Price is always a huge factor of any buying decision and it will usually come down to the materials used, the construction method and the amount of customisation.

The functional need of the counter top is very important. You will need to consider the daily use of the laminate countertop to determine how much wear and tear the surface would endure. Although laminate is durable, scratches are inevitable because countertops typically get heavy wear. Scratches tend to be light colored, which makes them highly visible against darker colors and virtually impossible to hide. A smart choice would be to find a pattern in that color that will help disguise scratches.

For surface finish you basically have to options: matte or glossy. Glossy finishes will accentuate scratches. Some matte finishes have a coarser surface, which may require more careful cleaning, especially if light colored.

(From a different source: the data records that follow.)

(* Vertices of the complete graph on n vertices: 'I_n.
   Every vertex is adjacent to every vertex, including itself. *)
Definition nbhd (n : nat) (x : 'I_n) : {set 'I_n} := [set: 'I_n].

(* The agent's decision at time t:
     None     = Goal-Attempt  (a_t = D),
     Some a   = any other choice a_t = a (e.g. produced by Random-Step);
   only a None decision counts as an (intentional) Goal-Attempt. *)
(* A history entry records (X_s, decision at s, B_s). *)
Definition hist (n : nat) := seq ('I_n * option 'I_n * bool).

(* A (behavioural, randomized) agent strategy: given the goal D, the past
   history h = [(X_0,d_0,B_0); ...; (X_{t-1},d_{t-1},B_{t-1})] and the
   current vertex X_t, the probability of each decision. *)
Definition strategy (R : realType) (n : nat) :=
  'I_n -> hist n -> 'I_n -> option 'I_n -> R.

Definition is_strategy (R : realType) (n : nat) (psi : strategy R n) : Prop :=
  forall (D : 'I_n) (h : hist n) (x : 'I_n),
    [/\ forall d, 0 <= psi D h x d,
        \sum_(d : option 'I_n) psi D h x d = 1,
        forall a, psi D h x (Some a) != 0 -> a \in nbhd x
      & psi D h x None != 0 -> D \in nbhd x].

(* hitp eps psi D r j h x : probability that T_IH = size h + j, starting at
   time s = size h in state (history h, X_s = x) with no intentional hit yet,
   where r = K - s steps remain before the horizon.  At time K (r = 0) the
   walk is forced: Goal-Attempt with B_K = 1, so T_IH = K + 1. *)
Fixpoint hitp (R : realType) (n : nat) (eps : R) (psi : strategy R n)
  (D : 'I_n) (r j : nat) (h : hist n) (x : 'I_n) {struct r} : R :=
  match r with
  | 0 => (j == 1)%:R
  | r'.+1 =>
    match j with
    | 0 => 0
    | j'.+1 =>
      \sum_(d : option 'I_n) psi D h x d *
        match d with
        | None =>
            (1 - eps) * (j' == 0)%:R
          + eps * \sum_(y in nbhd x)
                    #|nbhd x|%:R^-1 * hitp eps psi D r' j' (rcons h (x, None, false)) y
        | Some a =>
            (1 - eps) * hitp eps psi D r' j' (rcons h (x, Some a, true)) a
          + eps * \sum_(y in nbhd x)
                    #|nbhd x|%:R^-1 * hitp eps psi D r' j' (rcons h (x, Some a, false)) y
        end
    end
  end.

Definition PT (R : realType) (n : nat) (eps : R) (K : nat) (x0 : 'I_n)
  (psi : strategy R n) (t : nat) : R :=
  \sum_(D : 'I_n) n%:R^-1 * hitp eps psi D K t [::] x0.

(* E(T^psi_IH); T_IH takes values in {1, ..., K+1}. *)
Definition ET (R : realType) (n : nat) (eps : R) (K : nat) (x0 : 'I_n)
  (psi : strategy R n) : R :=
  \sum_(t < K.+2) t%:R * PT eps K x0 psi t.

Definition feasible (R : realType) (n : nat) (eps : R) (K : nat) (x0 : 'I_n)
  (qbar : R) (psi : strategy R n) : Prop :=
  forall t : nat, PT eps K x0 psi t <= qbar.

Definition tstar (R : realType) (eps qbar : R) : int :=
  Num.ceil (qbar^-1 - eps / (1 - eps)).

Definition pwf (R : realType) (eps qbar : R) (t : nat) : R :=
  if (t%:Z < tstar eps qbar - 1)%R
  then qbar / (1 - eps) * (1 - t%:R * qbar)^-1 else 1.

(* T_IH <= t, i.e. some earlier Goal-Attempt succeeded. *)
Definition hit_before (n : nat) (h : hist n) : bool :=
  has (fun e => (e.1.2 == None) && e.2) h.

Definition Lcount (n : nat) (D : 'I_n) (h : hist n) (x : 'I_n) : nat :=
  count (fun y => y \in nbhd D) (behead (rcons [seq e.1.1 | e <- h] x)).

Definition random_step (R : realType) (n : nat) (x a : 'I_n) : R :=
  if a \in nbhd x then #|nbhd x|%:R^-1 else 0.

Definition psi_wf (R : realType) (n : nat) (eps qbar : R) : strategy R n :=
  fun D h x d =>
    if (x \in nbhd D) && ~~ hit_before h then
      let p := pwf eps qbar (Lcount D h x) in
      match d with
      | None => p
      | Some a => (1 - p) * random_step R x a
      end
    else
      match d with
      | None => 0
      | Some a => random_step R x a
      end.

From HB Require Import structures.
From mathcomp Require Import all_boot all_order all_algebra.
From mathcomp Require Import reals.
From mathcomp Require Import ring lra.
Set Implicit Arguments. Unset Strict Implicit. Unset Printing Implicit Defensive.
Import Order.TTheory GRing.Theory Num.Theory.
Local Open Scope ring_scope.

Of course, colour choice comes down to personal taste. The main thing is to keep the theme of your kitchen and match the counter top to it. Laminate is available in a huge array of colors and patterns, which can make decision-making tough. If our 20 in-stock colours aren’t adequate, visit us at Triplast to browse a wider range of colours that can be ordered upon request.

Laminate has a lot of style, especially when it comes to countertop edges. The most common counterop profile is called “post-formed,” which means that the top is formed from a single piece of laminate that’s shaped into a backsplash at the rear and a rounded edge in front. Since it’s a single piece, it has no seams to separate and no corners to catch dirt. It’s also usually the least expensive choice.